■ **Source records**
Definition comb n (cs : 'I_n -> seq D) (a : 'I_n -> int) (d : D) : int :=
  \sum_(i < n) a i * curve_chain (cs i) d.

Definition two_chain (w : D -> int) : Prop := forall d, w (phi d) = w d.

Definition bdry2 (w : D -> int) (d : D) : int := w d - w (e d).

Definition one_cycle (z : D -> int) : Prop :=
  (forall d, z (e d) = - z d) /\
  (forall d, \sum_(x | same_vertex d x) z x = 0).

Definition null_homologous (z : D -> int) : Prop :=
  exists w, two_chain w /\ forall d, z d = bdry2 w d.

(* k elements of S_cs (given by coefficient vectors A j) whose classes
   in H_1(Sigma;Z) are Z-linearly independent *)
Definition indep_in_H1 n (cs : 'I_n -> seq D) k (A : 'I_k -> 'I_n -> int)
  : Prop :=
  forall c : 'I_k -> int,
    null_homologous (fun d => \sum_(j < k) c j * comb cs (A j) d) ->
    forall j, c j = 0.

Definition span_rank n (cs : 'I_n -> seq D) (r : nat) : Prop :=
  (exists A : 'I_r -> 'I_n -> int, indep_in_H1 cs A) /\
  (forall A : 'I_r.+1 -> 'I_n -> int, ~ indep_in_H1 cs A).

Definition good_collection (g n : nat) (cs : 'I_n -> seq D) : Prop :=
  [/\ forall i, simple_closed_curve (cs i),
      (forall i j, i != j -> forall x y, x \in cs i -> y \in cs j ->
          ~~ same_vertex x y)
    & span_rank cs g].

Definition spans_H1 n (al be : 'I_n -> seq D) : Prop :=
  forall z, one_cycle z ->
    exists a b, null_homologous (fun d => z d - comb al a d - comb be b d).

Definition on_curves n (cs : 'I_n -> seq D) (d : D) : bool :=
  [exists i, (d \in cs i) || (e d \in cs i)].

Definition region_adj (C : pred D) : rel D :=
  fun x y => (y == phi x) || ((y == e x) && ~~ C x).

(* w is an integer combination of the closures of the components of
   Sigma - C (each component R, with representative root, contributes
   the 2-chain 1_R with coefficient c R) *)
Definition in_Pi (C : pred D) (w : D -> int) : Prop :=
  exists c : D -> int, forall d, w d = c (fingraph.root (region_adj C) d).

Definition periodic_domain n (al be : 'I_n -> seq D) (w : D -> int) : Prop :=
  in_Pi (fun d => on_curves al d || on_curves be d) w /\
  exists a b, forall d, bdry2 w d = comb al a d + comb be b d.

End HeegaardDefs.
(* Fix $\beta\in\mathbb R$ and let $p_n=\frac12+r_n$ for $n\ge1$, with $r_n$ as in the context. Then $D(n)\sim n(\log\log n)^\beta$ as $n\to\infty$.
   Context: Fix $\beta\in\mathbb R$ and an integer $n_1\ge16$ such that $\frac14\left(\frac1n+\frac{1}{n(\log\log n)^\beta}\right)\in(0,1/2)$ for all $n\ge n_1$. Define $r_n=\frac14\left(\frac1n+\frac{1}{n(\log\log n)^\beta}\right)$ for $n\ge n_1$ and $r_n=r_{n_1}$ for $1\le n<n_1$. Consider the chain: $p_0=1$, $q_0=0$, $p_n=\frac12+r_n$, $q_n=1-p_n$ for $n\ge1$; $X=(X_k)_{k\ge0}$ is the Markov chain on $\mathbb Z_+$ with $X_0=0$, $\mathbb P(X_{k+1}=n+1\mid X_k=n)=p_n$, $\mathbb P(X_{k+1}=n-1\mid X_k=n)=q_n$. Let $\rho_k=q_k/p_k$ ($k\ge1$), and for $m\ge0$ let $D(m)=1+\sum_{j=1}^{\infty}\rho_{m+1}\cdots\rho_{m+j}$. *)

From HB Require Import structures.
From mathcomp Require Import all_boot all_order all_algebra.
From mathcomp Require Import all_classical all_reals all_analysis.
Set Implicit Arguments. Unset Strict Implicit. Unset Printing Implicit Defensive.
Import Order.TTheory GRing.Theory Num.Theory.
Local Open Scope ring_scope.

Definition r_formula (R : realType) (beta : R) (n : nat) : R :=
  4^-1 * ((n%:R)^-1 + (n%:R * (ln (ln (n%:R : R))) `^ beta)^-1).

Definition r_seq (R : realType) (beta : R) (n1 n : nat) : R :=
  if (n < n1)%N then r_formula beta n1 else r_formula beta n.

Definition p_seq (R : realType) (beta : R) (n1 n : nat) : R :=
  if n == 0%N then 1 else 2^-1 + r_seq beta n1 n.

Definition q_seq (R : realType) (beta : R) (n1 n : nat) : R :=
  1 - p_seq beta n1 n.

Definition rho (R : realType) (beta : R) (n1 k : nat) : R :=
  q_seq beta n1 k / p_seq beta n1 k.

(* D(m) = 1 + sum_{j>=1} rho_{m+1} ... rho_{m+j}, as an extended real
   (the terms are nonnegative, so the series always has a value in \bar R). *)
Definition D (R : realType) (beta : R) (n1 m : nat) : \bar R :=
  (1%E + \sum_(1 <= j <oo) (\prod_(m.+1 <= i < (m + j).+1) rho beta n1 i)%:E)%E.

From HB Require Import structures.
From mathcomp Require Import all_boot all_order all_algebra.
From mathcomp Require Import all_classical all_reals all_analysis.
From mathcomp Require Import lra ring.
Import Order.TTheory GRing.Theory Num.Theory.
Local Open Scope classical_set_scope.
Local Open Scope ring_scope.

(* Write F n = n (log log n)^beta, T m j = rho_(m+1) ... rho_(m+j), so that
   D m = sum_j T m j, and E n = F n - rho_(n+1) F (n+1).  Summation by parts gives
     F m = sum_(j < K) T m j E (m + j) + T m K F (m + K).
   Since rho_(n+1) = (1 - s)/(1 + s) with s = 2 r_(n+1) and s F (n+1) = (1 + (log log (n+1))^beta)/2,
   E n is an explicit expression tending to 1; this already gives (1 - del) D m <= F m
   for large m.  For the reverse inequality the remainder T m K F (m + K) must vanish:
   from E >= 1/2 and log log (n+1) - log log n <= 1 / F n one gets
     T m K F (m + K) <= F m exp (-(log log (m + K) - log log m) / 2). *)

Section real_inequalities.
Context {R : realType}.
Implicit Types x y a b : R.

Lemma ln_le_subr1 {x} : 0 < x -> ln x <= x - 1.
Proof. by move=> x0; have := @le_ln1Dx R (x - 1); rewrite addrCA subrr addr0; apply; lra. Qed.

Lemma lnB_le {a b} : 0 < a -> a <= b -> 0 <= ln b - ln a <= (b - a) / a.
Proof.
move=> a0 ab; have b0 : 0 < b by lra.
rewrite subr_ge0 ler_ln ?posrE //=.
rewrite -lnV ?posrE // -lnM ?posrE ?invr_gt0 //.
by rewrite mulrBl divff ?gt_eqF // ab ln_le_subr1 // divr_gt0.
Qed.

Lemma normr_expR_sub1_le {y} : `|y| <= 2^-1 -> `|expR y - 1| <= 2 * `|y|.
Proof.
move=> hy.
have h1 := expR_ge1Dx y; have h2 := expR_ge1Dx (- y).
have e0 := expR_gt0 y.
have h3 : expR y * expR (- y) = 1 by rewrite -expRD subrr expR0.
have h4 : expR y * (1 - y) <= 1 by rewrite -h3 ler_pM2l //; lra.
case: (lerP 0 y) => y0.
  by rewrite (ger0_norm y0) in hy *; rewrite ger0_norm; nra.
by rewrite (ltr0_norm y0) in hy *; rewrite ler_norml; apply/andP; split; nra.
Qed.

Lemma dist1_div_le {d f del : R} : 0 < f -> 0 < del <= 2^-1 ->
  (1 - del) * d <= f <= (1 + del) * d -> `|1 - d / f| <= 2 * del.
Proof.
move=> f0 /andP[del0 del1] /andP[h1 h2].
have k1 : (1 - del) * (d / f) <= 1 by rewrite mulrA ler_pdivrMr // mul1r.
have k2 : 1 <= (1 + del) * (d / f) by rewrite mulrA ler_pdivlMr // mul1r.
by rewrite ler_norml; apply/andP; split; nra.
Qed.

End real_inequalities.

Lemma near_oo_forall_ge {P : nat -> Prop} :
  (\forall n \near \oo, P n) -> \forall m \near \oo, forall n, (m <= n)%N -> P n.
Proof. by move=> [N _ hN]; exists N => // m /= Nm n mn; apply: hN; apply: leq_trans mn. Qed.

Lemma near_oo_succ {P : nat -> Prop} :
  (\forall n \near \oo, P n) -> \forall n \near \oo, P n.+1.
Proof. by move=> [N _ hN]; exists N => // n /= Nn; apply: hN; apply: leqW. Qed.

Section renewal_series.
Context {R : realType}.
Variables (a f : nat -> R).
Hypothesis a_ge0 : forall i, 0 <= a i.

Definition tail_prod m j := \prod_(m.+1 <= i < (m + j).+1) a i.
Definition defect n := f n - a n.+1 * f n.+1.
(* Let $G=(V,E)$ be a graph. Then $\mu(G)=\min|E_G(S;V\setminus T)|$, where the minimum ranges over all pairs of disjoint subsets $S,T\subseteq V$ with $|S|>|T|$.
   Context: All graphs are finite and simple. For a graph $G=(V,E)$ on $n$ vertices, a fractional vertex cover is a function $f:V\to[0,\infty)$ with $f(u)+f(v)\ge 1$ for every edge $uv\in E$; $\tau^*(G)$ denotes the minimum of $\sum_{v\in V}f(v)$ over all fractional vertex covers. For $E'\subseteq E$ let $G-E'=(V,E\setminus E')$. Define $\mu(G)=\min\{|E'| : E'\subseteq E,\ \tau^*(G-E')<n/2\}$. For disjoint $S,T\subseteq V$, $E_G(S;V\setminus T)$ denotes the set of edges of $G$ that either have both endpoints in $S$, or have one endpoint in $S$ and the other in $V\setminus(S\cup T)$. *)

From HB Require Import structures.
From mathcomp Require Import all_boot all_order all_algebra.
From mathcomp Require Import classical_sets reals.
Set Implicit Arguments. Unset Strict Implicit. Unset Printing Implicit Defensive.
Import Order.TTheory GRing.Theory Num.Theory.
Local Open Scope ring_scope.

Definition simple_graph (T : finType) (adj : rel T) : Prop :=
  symmetric adj /\ irreflexive adj.

Definition edges (T : finType) (adj : rel T) : {set {set T}} :=
  [set [set u; v] | u in T, v in T & adj u v].

Definition remove_edges (T : finType) (adj : rel T) (E' : {set {set T}}) : rel T :=
  fun u v => adj u v && ([set u; v] \notin E').

Definition frac_vertex_cover (R : realType) (T : finType) (adj : rel T)
  (f : T -> R) : Prop :=
  (forall v, 0 <= f v) /\ (forall u v, adj u v -> 1 <= f u + f v).

Definition tau_star (R : realType) (T : finType) (adj : rel T) : R :=
  inf [set r : R | exists f : T -> R, frac_vertex_cover adj f /\ r = \sum_(v : T) f v].

(* mu(G) = min { |E'| : E' subset of E, tau^*(G - E') < n/2 }.
   (The sentinel #|E|.+1 is only reached when the range is empty, i.e. n = 0.) *)
Definition mu (R : realType) (T : finType) (adj : rel T) : nat :=
  \big[minn/ #|edges adj|.+1]_(E' in powerset (edges adj)
      | tau_star R (remove_edges adj E') < (#|T|%:R / 2%:R : R)) #|E'|.

(* E_G(S; V \ T): edges with both ends in S, or one end in S and the other
   in V \ (S u T). *)
Definition E_G (T : finType) (adj : rel T) (S U : {set T}) : {set {set T}} :=
  [set e in edges adj | [exists u, exists v,
     (e == [set u; v]) && (u \in S) && ((v \in S) || (v \notin S :|: U))]].

Definition mu_rhs (T : finType) (adj : rel T) : nat :=
  \big[minn/ #|edges adj|.+1]_(p : {set T} * {set T}
      | [disjoint p.1 & p.2] && (#|p.2| < #|p.1|)%N) #|E_G adj p.1 p.2|.

(* Removing E_G(S; V\T) leaves the fractional cover (1 - 1_S + 1_T)/2, of
   weight (n - |S| + |T|)/2 < n/2.  Conversely, let f be a cover of G - E' of
   weight < n/2 and g := f - 1/2, so that sum g < 0.  If every level th > 0
   satisfied #{g <= -th} <= #{g >= th}, then sum g >= 0: cancel the most
   negative value -m against a value >= m and induct on the number of negative
   values.  Hence some th > 0 has #{g >= th} < #{g <= -th}, and S := {g <= -th},
   T := {g >= th} work: every edge of E_G(S; V\T) has f-weight < 1, so it
   lies in E'. *)
From mathcomp Require Import boolp classical_sets reals.
From mathcomp Require Import all_boot all_order all_algebra lra.
Set Implicit Arguments. Unset Strict Implicit. Unset Printing Implicit Defensive.
Import Order.TTheory GRing.Theory Num.Theory.
Local Open Scope ring_scope.

Section LevelSets.
Variables (R : realDomainType) (T : finType).
Implicit Types (g : T -> R) (u v w : T).

Definition level_balanced g : Prop :=
  forall th : R, 0 < th -> leq #|[set w | g w <= - th]| #|[set w | th <= g w]|.

Definition cancel_into g v u : T -> R :=
  fun w => if w == v then 0 else if w == u then g u + g v else g w.

Section CancelInto.
Variables (g : T -> R) (v u : T).
Hypotheses (neq_uv : u != v) (gv_min : forall w, g v <= g w).
Hypotheses (gv_lt0 : g v < 0) (gu_ge : - g v <= g u).
Let g' := cancel_into g v u.

Let gu_gt0 : 0 < g u.
Proof. by rewrite (lt_le_trans _ gu_ge) // oppr_gt0. Qed.

Let guv_ge0 : 0 <= g u + g v.
Proof. by rewrite -[g v]opprK subr_ge0. Qed.

Lemma sum_cancel_into : \sum_w g' w = \sum_w g w.
Proof.
have split_vu (h : T -> R) : \sum_w h w = h v + h u + \sum_(w | (w != v) && (w != u)) h w.
  by rewrite (bigD1 v) // (bigD1 u) //= addrA.
rewrite !split_vu /g' /cancel_into eqxx (negbTE neq_uv) eqxx add0r [g v + _]addrC.
by congr (_ + _); apply: eq_bigr => w /andP[/negbTE -> /negbTE ->].
Qed.

Lemma negatives_cancel_into : [set w | g' w < 0] = [set w | g w < 0] :\ v.
Proof.
apply/setP => w; rewrite !inE /g' /cancel_into.
case: (eqVneq w v) => [_|_]; first by rewrite ltxx.
by case: (eqVneq w u) => [->|//]; rewrite !ltNge guv_ge0 (ltW gu_gt0).
Qed.

Lemma level_balanced_cancel_into : level_balanced g -> level_balanced g'.
Proof.
move=> bal th th_gt0.
have g'E w : w != v -> w != u -> g' w = g w.
  by rewrite /g' /cancel_into => /negbTE -> /negbTE ->.
have sub_low : [set w | g' w <= - th] \subset [set w | g w <= - th] :\ v.
  apply/subsetP => w; rewrite !inE.
  case: (eqVneq w v) => [->|wv].
    by rewrite /g' /cancel_into eqxx oppr_ge0 leNgt th_gt0.
  case: (eqVneq w u) => [->|wu]; last by rewrite g'E.
  rewrite /g' /cancel_into (negbTE neq_uv) eqxx => /(le_trans guv_ge0).
  by rewrite oppr_ge0 leNgt th_gt0.
have sub_high : [set w | th <= g w] :\ u \subset [set w | th <= g' w].
  apply/subsetP => w; rewrite !inE => /andP[wu th_le].
  have wv : w != v by apply: contraTneq th_le => ->; rewrite -ltNge (lt_trans gv_lt0).
  by rewrite g'E.
apply: leq_trans (subset_leq_card sub_low) _; apply: leq_trans _ (subset_leq_card sub_high).
have [th_le|th_gt] := leP th (- g v).
  have := bal th th_gt0.
  rewrite (cardsD1 v [set w | g w <= - th]) (cardsD1 u [set w | th <= g w]) !inE.
  by rewrite lerNr th_le (le_trans th_le gu_ge).
suff -> : [set w | g w <= - th] = set0 by rewrite set0D cards0.
apply/setP => w; rewrite !inE; apply/negbTE; rewrite -ltNge.
by rewrite (lt_le_trans _ (gv_min w)) // ltrNl.
Qed.

End CancelInto.

Lemma level_balanced_sum_ge0 g : level_balanced g -> 0 <= \sum_w g w.
Proof.
have [k] := ubnP #|[set w | g w < 0]|; elim: k g => // k IH g card_neg bal.
have [no_neg|[v0 v0_neg]] := set_0Vmem [set w | g w < 0].
  apply: sumr_ge0 => w _; rewrite leNgt; apply/negP => gw_lt0.
  by have := in_set0 w; rewrite -no_neg inE gw_lt0.
have [v _ gv_min] := @arg_minP _ R T v0 xpredT g isT.
have gv_lt0 : g v < 0 by move: v0_neg; rewrite inE; apply/le_lt_trans/gv_min.
have [u] : exists u, u \in [set w | - g v <= g w].
  apply/set0Pn; rewrite -card_gt0 (leq_trans _ (bal _ _)) ?oppr_gt0 //.
  by rewrite card_gt0; apply/set0Pn; exists v; rewrite inE opprK.
rewrite inE => gu_ge.
have neq_uv : u != v.
  by apply: contraTneq gu_ge => ->; rewrite -ltNge (lt_trans gv_lt0) // oppr_gt0.
have gv_le w : g v <= g w := gv_min w isT.
rewrite -(sum_cancel_into g neq_uv); apply: IH; last exact: level_balanced_cancel_into.
rewrite negatives_cancel_into //; move: card_neg.
by rewrite (cardsD1 v [set w | g w < 0]) inE gv_lt0.
Qed.

Lemma sum_lt0_level_unbalanced g : \sum_w g w < 0 ->
  exists2 th : R, 0 < th & ltn #|[set w | th <= g w]| #|[set w | g w <= - th]|.
Proof.
move=> sum_lt0; apply: contrapT => balanced_levels.
move: sum_lt0; rewrite ltNge level_balanced_sum_ge0 // => th th_gt0.
by rewrite leqNgt; apply/negP => lt; apply: balanced_levels; exists th.
Qed.

End LevelSets.

Lemma set2_addr (T : finType) (V : nmodType) (h : T -> V) (a b u v : T) :
  [set a; b] = [set u; v] -> h a + h b = h u + h v.
Proof.
move=> eq_ab.
have: a \in [set u; v] by rewrite -eq_ab set21.
have: b \in [set u; v] by rewrite -eq_ab set22.
have: u \in [set a; b] by rewrite eq_ab set21.
have: v \in [set a; b] by rewrite eq_ab set22.
rewrite !inE; do 4 case/orP=> /eqP ?; subst; by [|exact: addrC].
Qed.

Section FractionalCovers.
Variables (R : realType) (T : finType).
Implicit Types (adj : rel T) (f : T -> R).

Lemma tau_star_le_cover adj f : frac_vertex_cover adj f -> tau_star R adj <= \sum_v f v.
Proof.
move=> cover; apply: ge_inf; last by exists f.
by exists 0 => _ [h [[h_ge0 _] ->]]; exact: sumr_ge0.
Qed.

Lemma tau_star_lt_cover adj (r : R) : tau_star R adj < r ->
  exists2 f, frac_vertex_cover adj f & \sum_v f v < r.
Proof.
move=> lt_r; have [|_ [f [cover ->]]] := inf_lt _ lt_r; last by exists f.
by exists (\sum_(v : T) 1); exists (fun=> 1); split => //; split => *; lra.
Qed.

End FractionalCovers.

Section EdgeCut.
Variables (R : realType) (T : finType) (adj : rel T).
Implicit Types (S U : {set T}) (F : {set {set T}}).

Lemma E_G_sub_edges S U : E_G adj S U \subset edges adj.
Proof. by apply/subsetP => e; rewrite inE => /andP[]. Qed.

Lemma edge_notin_E_G S U a b : [set a; b] \in edges adj ->
  [set a; b] \notin E_G adj S U -> a \in S -> b \in U.
Proof.
move=> ab_edge ab_out aS; apply: contraNT ab_out => bU.
rewrite inE ab_edge; apply/existsP; exists a; apply/existsP; exists b.
by rewrite eqxx aS !inE (negbTE bU) orbF orbN.
Qed.

Lemma sum_indicator (A : {set T}) : \sum_v ((v \in A)%:R : R) = #|A|%:R.
Proof.
by rewrite -sumr_const [RHS]big_mkcond; apply: eq_bigr => v _; case: (v \in A).
Qed.

Lemma tau_star_remove_E_G_lt S U : [disjoint S & U] -> (#|U| < #|S|)%N ->
  tau_star R (remove_edges adj (E_G adj S U)) < #|T|%:R / 2%:R.
Proof.
move=> dSU ltUS.
pose f v : R := (1 - (v \in S)%:R + (v \in U)%:R) / 2.
have cover : frac_vertex_cover (remove_edges adj (E_G adj S U)) f.
  split=> [v|a b /andP[ab ab_out]].
    by rewrite /f; case: (v \in S); case: (v \in U) => /=; lra.
  have ab_edge : [set a; b] \in edges adj by apply/imset2P; exists a b; rewrite ?inE.
  have ba_edge : [set b; a] \in edges adj by rewrite setUC.
  have ba_out : [set b; a] \notin E_G adj S U by rewrite setUC.
  case aS: (a \in S).
    have bU := edge_notin_E_G ab_edge ab_out aS.
    by rewrite /f aS bU (disjointFr dSU aS) (disjointFl dSU bU) /=; lra.
  case bS: (b \in S).
    have aU := edge_notin_E_G ba_edge ba_out bS.
    by rewrite /f aS bS aU (disjointFr dSU bS) /=; lra.
  by rewrite /f aS bS; case: (a \in U); case: (b \in U) => /=; lra.
apply: le_lt_trans (tau_star_le_cover cover) _.
rewrite -mulr_suml big_split sumrB /= !sum_indicator sumr_const.
have : (#|U|%:R < #|S|%:R :> R) by rewrite ltr_nat.
rewrite -[1 *+ _]mulr_natl mulr1; lra.
Qed.

Lemma tau_star_lt_half_E_G F : tau_star R (remove_edges adj F) < #|T|%:R / 2%:R ->
  exists S U, [/\ [disjoint S & U], (#|U| < #|S|)%N & E_G adj S U \subset F].
Proof.
case/tau_star_lt_cover=> f [f_ge0 f_cover] sum_lt.
pose g v := f v - 2^-1.
have [th th_gt0 lt_card] : exists2 th : R, 0 < th &
    ltn #|[set w | th <= g w]| #|[set w | g w <= - th]|.
  apply: sum_lt0_level_unbalanced; move: sum_lt.
  rewrite sumrB sumr_const -[_ *+ _]mulr_natl; lra.
exists [set w | g w <= - th], [set w | th <= g w]; split=> //.
  rewrite -setI_eq0; apply/eqP/setP => w; rewrite !inE.
  by apply/negP => /andP[lo hi]; lra.
apply/subsetP => e; rewrite inE => /andP[/imset2P[a b _]].
rewrite inE => /= ab -> /existsP[u /existsP[v /andP[/andP[/eqP eq_ab uS] vSU]]].
apply: contraT => ab_out; have := f_cover a b.
rewrite /remove_edges ab ab_out (set2_addr f eq_ab) => /(_ isT).
rewrite !inE negb_or -!ltNge /g in uS vSU.
by case/orP: vSU => [vS|/andP[_ vU]]; lra.
Qed.

End EdgeCut.

Theorem corollary6 (R : realType) (T : finType) (adj : rel T) :
  simple_graph adj -> mu R adj = mu_rhs adj.
Proof.
move=> _; apply/eqP; rewrite eqn_leq; apply/andP; split.
  apply: (le_bigmin (T:=nat)); first exact: (bigmin_le_id (T:=nat)).
  move=> [S U] /andP[/= dSU ltUS]; apply: (bigmin_le_cond (T:=nat)).
  by rewrite powersetE E_G_sub_edges tau_star_remove_E_G_lt.
apply: (le_bigmin (T:=nat)); first exact: (bigmin_le_id (T:=nat)).
move=> F /andP[_ /tau_star_lt_half_E_G [S [U [dSU ltUS sub]]]].
apply: leq_trans (subset_leq_card sub).
by apply: (@bigmin_le_cond _ nat _ _ (S, U)); rewrite /= dSU.
Qed.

■ **EXERCISE AIM**
All that belongs in the answer is the run of lines above from the line containing "have h4 : expR" through the line containing "by rewrite ler_norml; apply/andP; split; nra.", exactly as written.

■ **SOLUTION BELOW**
have h4 : expR y * (1 - y) <= 1 by rewrite -h3 ler_pM2l //; lra.
case: (lerP 0 y) => y0.
  by rewrite (ger0_norm y0) in hy *; rewrite ger0_norm; nra.
by rewrite (ltr0_norm y0) in hy *; rewrite ler_norml; apply/andP; split; nra.
Qed.

Lemma dist1_div_le {d f del : R} : 0 < f -> 0 < del <= 2^-1 ->
  (1 - del) * d <= f <= (1 + del) * d -> `|1 - d / f| <= 2 * del.
Proof.
move=> f0 /andP[del0 del1] /andP[h1 h2].
have k1 : (1 - del) * (d / f) <= 1 by rewrite mulrA ler_pdivrMr // mul1r.
have k2 : 1 <= (1 + del) * (d / f) by rewrite mulrA ler_pdivlMr // mul1r.
by rewrite ler_norml; apply/andP; split; nra.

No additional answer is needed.